Lemma apply11_gmet (X : zmodType) (F : Om1 -> Om1 -> X) :
  (forall b, F 0 (e b) = 0) -> apply11 F gmet = F (e true) (e false) + F (e false) (e true).
Proof. by move=> F0; rewrite /apply11 !big_bool !lact1_gmet_e /= !F0 add0r addr0. Qed.

Lemma tens21_0 v : tens21 0 v = 0.
Proof. by apply/ffunP => x; apply/ffunP => i; coord_simpl; ring. Qed.

Lemma tens12_0 T : tens12 0 T = 0.
Proof. by apply/ffunP => x; apply/ffunP => i; coord_simpl; ring. Qed.

Lemma sigma_id_0 sigma : is_bimod_map sigma -> sigma_id sigma 0 = 0.
Proof.
case=> sD _; rewrite /sigma_id big1 // => c _.
have -> : [ffun ab : bool * bool => (0 : Om111) (ab.1, ab.2, c)] = 0.
  by apply/ffunP => x; rewrite !ffunE.
by rewrite (additive_map0 sD) tens21_0.
Qed.

Lemma metric_compat_coord nabla sigma : is_bimod_map sigma -> is_bimod_conn nabla sigma ->
  metric_compat_term nabla sigma gmet = 0 -> forall x y z i,
  nabla (e (~~ z)) (x, y) i + \sum_(a : bool) \sum_(b : bool)
    nabla (e (~~ a)) (b, z) (i + step a) * sigma (ee a b) (x, y) i = 0.
Proof.
move=> sB [nD _]; rewrite /metric_compat_term apply11_gmet => [MC x y z i|b]; last first.
  by rewrite (additive_map0 nD) tens21_0 tens12_0 (sigma_id_0 sB) addr0.
move/(congr1 (fun X : Om111 => X (x, y, z) i)): MC; coord_simpl.
rewrite !(bimod_map_coord sB (finfun _)) /step; coord_simpl.
by case: z; coord_simpl => H; apply: etrans H; ring.
Qed.

Definition christoffel (al be : 'F_2) (a : bool) : Om11 :=
  if a then lact2 (cst al) (ee false false) else lact2 (cst be) (ee true true).

Lemma d1_e a : d1 (e a) = 0.
Proof.
apply/ffunP => i; rewrite /d1 /wedge /d0 /e /cst.
by case: a; coord_simpl; rewrite ?addrr_F2; ring.
Qed.

Lemma d1_cst_e k a : d1 (lact1 (cst k) (e a)) = 0.
Proof.
apply/ffunP => i; rewrite /d1 !big_bool !d0E /wedge /e /cst.
by case: a; coord_simpl; ring.
Qed.

Lemma wedge_eq0_sym T : wedge T = 0 -> T (true, false) = T (false, true).
Proof. exact: subr0_eq. Qed.

Section Classification.

Variables (nabla : Om1 -> Om11) (sigma : Om11 -> Om11).
Hypotheses (sB : is_bimod_map sigma) (nC : is_bimod_conn nabla sigma).
Hypotheses (tors0 : forall w, torsion nabla w = 0).
Hypothesis (compat : metric_compat_term nabla sigma gmet = 0).

Local Notation Gamma a := (nabla (e a)).

Lemma Gamma_sym a : Gamma a (true, false) = Gamma a (false, true).
Proof. by apply: wedge_eq0_sym; rewrite -(tors0 (e a)) /torsion d1_e subr0. Qed.

Lemma Gamma_compat x y z i :
  Gamma (~~ z) (x, y) i + \sum_(a : bool) \sum_(b : bool) Gamma (~~ a) (b, z) (i + step a) *
    (((y == a) && (x == b))%:R + Gamma a (x, y) i * (step x + step y == step a + step b)%:R)
  = 0.
Proof.
rewrite -[RHS](metric_compat_coord sB nC compat x y z i); congr (_ + _).
by apply: eq_bigr => a _; apply: eq_bigr => b _; rewrite (bimod_conn_sigma_ee sB nC).
Qed.

Lemma Gamma_diag a i : Gamma a (a, a) i = 0.
Proof.
have := Gamma_compat a a (~~ a) i; rewrite negbK !big_bool /step.
by case: a; coord_simpl; F2_decide.
Qed.

Lemma Gamma_cross a i : Gamma a (~~ a, a) i = 0.
Proof.
have := Gamma_compat (~~ a) (~~ a) a (i + step a); rewrite !big_bool /step.
by case: a; coord_simpl; F2_decide.
Qed.

Lemma Gamma_opp_shift a i : Gamma a (~~ a, ~~ a) (i + step a) = Gamma a (~~ a, ~~ a) i.
Proof.
have := Gamma_compat (~~ a) (~~ a) (~~ a) (i + step a); rewrite negbK !big_bool /step.
by case: a; coord_simpl; rewrite !Gamma_diag; F2_decide.
Qed.

Lemma Gamma_opp_const a i : Gamma a (~~ a, ~~ a) i = Gamma a (~~ a, ~~ a) 0.
Proof.
case: a; apply: Zp_shift_invariant => j; first exact: (Gamma_opp_shift true).
by rewrite -(Gamma_opp_shift false (j + 1)) /step addrK.
Qed.

Lemma QLC_christoffel a :
  Gamma a = christoffel (Gamma true (false, false) 0) (Gamma false (true, true) 0) a.
Proof.
apply/ffunP => -[c d]; apply/ffunP => i; rewrite /christoffel /ee /cst.
case: a; case: c; case: d; coord_simpl; rewrite ?mulr0 ?mulr1.
- exact: (Gamma_diag true).
- by rewrite Gamma_sym (Gamma_cross true).
- exact: (Gamma_cross true).
- exact: (Gamma_opp_const true).
- exact: (Gamma_opp_const false).
- exact: (Gamma_cross false).
- by rewrite -Gamma_sym (Gamma_cross false).
- exact: (Gamma_diag false).
Qed.

End Classification.

Definition flip (X : Om11) : Om11 := [ffun cd => X (cd.2, cd.1)].

Lemma flip_bimod_map : is_bimod_map flip.
Proof.
split; [|split] => [x y|f x|f x]; apply/ffunP => -[c d]; apply/ffunP => i; rewrite /amul //.
- by coord_simpl.
- by coord_simpl.
- by case: c; case: d; coord_simpl.
Qed.

Section Existence.

Variables al be : 'F_2.

Local Notation nabla := (conn_of (christoffel al be)).

Lemma christoffel_bimod_conn : is_bimod_conn nabla flip.
Proof.
split; [|split] => [w v|f w|f w]; apply/ffunP => -[c d]; apply/ffunP => i;
  rewrite /conn_of !big_bool /christoffel !d0E /e /ee /cst /amul;
  case: c; case: d; coord_simpl; ring.
Qed.

Lemma christoffel_torsion_free w : torsion nabla w = 0.
Proof.
apply/ffunP => i; rewrite /torsion /wedge /d1 /conn_of /christoffel /d0 /e /ee /cst /amul.
by coord_simpl; ring.
Qed.

Lemma christoffel_metric_compat : metric_compat_term nabla flip gmet = 0.
Proof.
rewrite /metric_compat_term apply11_gmet => [|b]; last first.
  rewrite (additive_map0 (proj1 christoffel_bimod_conn)) tens21_0 tens12_0.
  by rewrite (sigma_id_0 flip_bimod_map) addr0.
rewrite !conn_of_e; apply/ffunP => -[[x y] z]; apply/ffunP => i.
rewrite /sigma_id /christoffel /flip /e /ee /cst; coord_simpl.
by case: (F2_cases al) => ->; case: (F2_cases be) => ->;
  case: x; case: y; case: z; coord_simpl; apply/eqP.
Qed.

- AIM OF THE EXERCISE: Set down the entire listing above again, word for word.

- ANSWER FOR THE TASK:
Lemma apply11_gmet (X : zmodType) (F : Om1 -> Om1 -> X) :
  (forall b, F 0 (e b) = 0) -> apply11 F gmet = F (e true) (e false) + F (e false) (e true).
Proof. by move=> F0; rewrite /apply11 !big_bool !lact1_gmet_e /= !F0 add0r addr0. Qed.

Lemma tens21_0 v : tens21 0 v = 0.
Proof. by apply/ffunP => x; apply/ffunP => i; coord_simpl; ring. Qed.

Lemma tens12_0 T : tens12 0 T = 0.
Proof. by apply/ffunP => x; apply/ffunP => i; coord_simpl; ring. Qed.

Lemma sigma_id_0 sigma : is_bimod_map sigma -> sigma_id sigma 0 = 0.
Proof.
case=> sD _; rewrite /sigma_id big1 // => c _.
have -> : [ffun ab : bool * bool => (0 : Om111) (ab.1, ab.2, c)] = 0.
  by apply/ffunP => x; rewrite !ffunE.
by rewrite (additive_map0 sD) tens21_0.
Qed.

Lemma metric_compat_coord nabla sigma : is_bimod_map sigma -> is_bimod_conn nabla sigma ->
  metric_compat_term nabla sigma gmet = 0 -> forall x y z i,
  nabla (e (~~ z)) (x, y) i + \sum_(a : bool) \sum_(b : bool)
    nabla (e (~~ a)) (b, z) (i + step a) * sigma (ee a b) (x, y) i = 0.
Proof.
move=> sB [nD _]; rewrite /metric_compat_term apply11_gmet => [MC x y z i|b]; last first.
  by rewrite (additive_map0 nD) tens21_0 tens12_0 (sigma_id_0 sB) addr0.
move/(congr1 (fun X : Om111 => X (x, y, z) i)): MC; coord_simpl.
rewrite !(bimod_map_coord sB (finfun _)) /step; coord_simpl.
by case: z; coord_simpl => H; apply: etrans H; ring.
Qed.

Definition christoffel (al be : 'F_2) (a : bool) : Om11 :=
  if a then lact2 (cst al) (ee false false) else lact2 (cst be) (ee true true).

Lemma d1_e a : d1 (e a) = 0.
Proof.
apply/ffunP => i; rewrite /d1 /wedge /d0 /e /cst.
by case: a; coord_simpl; rewrite ?addrr_F2; ring.
Qed.

Lemma d1_cst_e k a : d1 (lact1 (cst k) (e a)) = 0.
Proof.
apply/ffunP => i; rewrite /d1 !big_bool !d0E /wedge /e /cst.
by case: a; coord_simpl; ring.
Qed.

Lemma wedge_eq0_sym T : wedge T = 0 -> T (true, false) = T (false, true).
Proof. exact: subr0_eq. Qed.

Section Classification.

Variables (nabla : Om1 -> Om11) (sigma : Om11 -> Om11).
Hypotheses (sB : is_bimod_map sigma) (nC : is_bimod_conn nabla sigma).
Hypotheses (tors0 : forall w, torsion nabla w = 0).
Hypothesis (compat : metric_compat_term nabla sigma gmet = 0).

Local Notation Gamma a := (nabla (e a)).

Lemma Gamma_sym a : Gamma a (true, false) = Gamma a (false, true).
Proof. by apply: wedge_eq0_sym; rewrite -(tors0 (e a)) /torsion d1_e subr0. Qed.

Lemma Gamma_compat x y z i :
  Gamma (~~ z) (x, y) i + \sum_(a : bool) \sum_(b : bool) Gamma (~~ a) (b, z) (i + step a) *
    (((y == a) && (x == b))%:R + Gamma a (x, y) i * (step x + step y == step a + step b)%:R)
  = 0.
Proof.
rewrite -[RHS](metric_compat_coord sB nC compat x y z i); congr (_ + _).
by apply: eq_bigr => a _; apply: eq_bigr => b _; rewrite (bimod_conn_sigma_ee sB nC).
Qed.

Lemma Gamma_diag a i : Gamma a (a, a) i = 0.
Proof.
have := Gamma_compat a a (~~ a) i; rewrite negbK !big_bool /step.
by case: a; coord_simpl; F2_decide.
Qed.

Lemma Gamma_cross a i : Gamma a (~~ a, a) i = 0.
Proof.
have := Gamma_compat (~~ a) (~~ a) a (i + step a); rewrite !big_bool /step.
by case: a; coord_simpl; F2_decide.
Qed.

Lemma Gamma_opp_shift a i : Gamma a (~~ a, ~~ a) (i + step a) = Gamma a (~~ a, ~~ a) i.
Proof.
have := Gamma_compat (~~ a) (~~ a) (~~ a) (i + step a); rewrite negbK !big_bool /step.
by case: a; coord_simpl; rewrite !Gamma_diag; F2_decide.
Qed.

Lemma Gamma_opp_const a i : Gamma a (~~ a, ~~ a) i = Gamma a (~~ a, ~~ a) 0.
Proof.
case: a; apply: Zp_shift_invariant => j; first exact: (Gamma_opp_shift true).
by rewrite -(Gamma_opp_shift false (j + 1)) /step addrK.
Qed.

Lemma QLC_christoffel a :
  Gamma a = christoffel (Gamma true (false, false) 0) (Gamma false (true, true) 0) a.
Proof.
apply/ffunP => -[c d]; apply/ffunP => i; rewrite /christoffel /ee /cst.
case: a; case: c; case: d; coord_simpl; rewrite ?mulr0 ?mulr1.
- exact: (Gamma_diag true).
- by rewrite Gamma_sym (Gamma_cross true).
- exact: (Gamma_cross true).
- exact: (Gamma_opp_const true).
- exact: (Gamma_opp_const false).
- exact: (Gamma_cross false).
- by rewrite -Gamma_sym (Gamma_cross false).
- exact: (Gamma_diag false).
Qed.

End Classification.

Definition flip (X : Om11) : Om11 := [ffun cd => X (cd.2, cd.1)].

Lemma flip_bimod_map : is_bimod_map flip.
Proof.
split; [|split] => [x y|f x|f x]; apply/ffunP => -[c d]; apply/ffunP => i; rewrite /amul //.
- by coord_simpl.
- by coord_simpl.
- by case: c; case: d; coord_simpl.
Qed.

Section Existence.

Variables al be : 'F_2.

Local Notation nabla := (conn_of (christoffel al be)).

Lemma christoffel_bimod_conn : is_bimod_conn nabla flip.
Proof.
split; [|split] => [w v|f w|f w]; apply/ffunP => -[c d]; apply/ffunP => i;
  rewrite /conn_of !big_bool /christoffel !d0E /e /ee /cst /amul;
  case: c; case: d; coord_simpl; ring.
Qed.

Lemma christoffel_torsion_free w : torsion nabla w = 0.
Proof.
apply/ffunP => i; rewrite /torsion /wedge /d1 /conn_of /christoffel /d0 /e /ee /cst /amul.
by coord_simpl; ring.
Qed.

Lemma christoffel_metric_compat : metric_compat_term nabla flip gmet = 0.
Proof.
rewrite /metric_compat_term apply11_gmet => [|b]; last first.
  rewrite (additive_map0 (proj1 christoffel_bimod_conn)) tens21_0 tens12_0.
  by rewrite (sigma_id_0 flip_bimod_map) addr0.
rewrite !conn_of_e; apply/ffunP => -[[x y] z]; apply/ffunP => i.
rewrite /sigma_id /christoffel /flip /e /ee /cst; coord_simpl.
by case: (F2_cases al) => ->; case: (F2_cases be) => ->;
  case: x; case: y; case: z; coord_simpl; apply/eqP.
Qed.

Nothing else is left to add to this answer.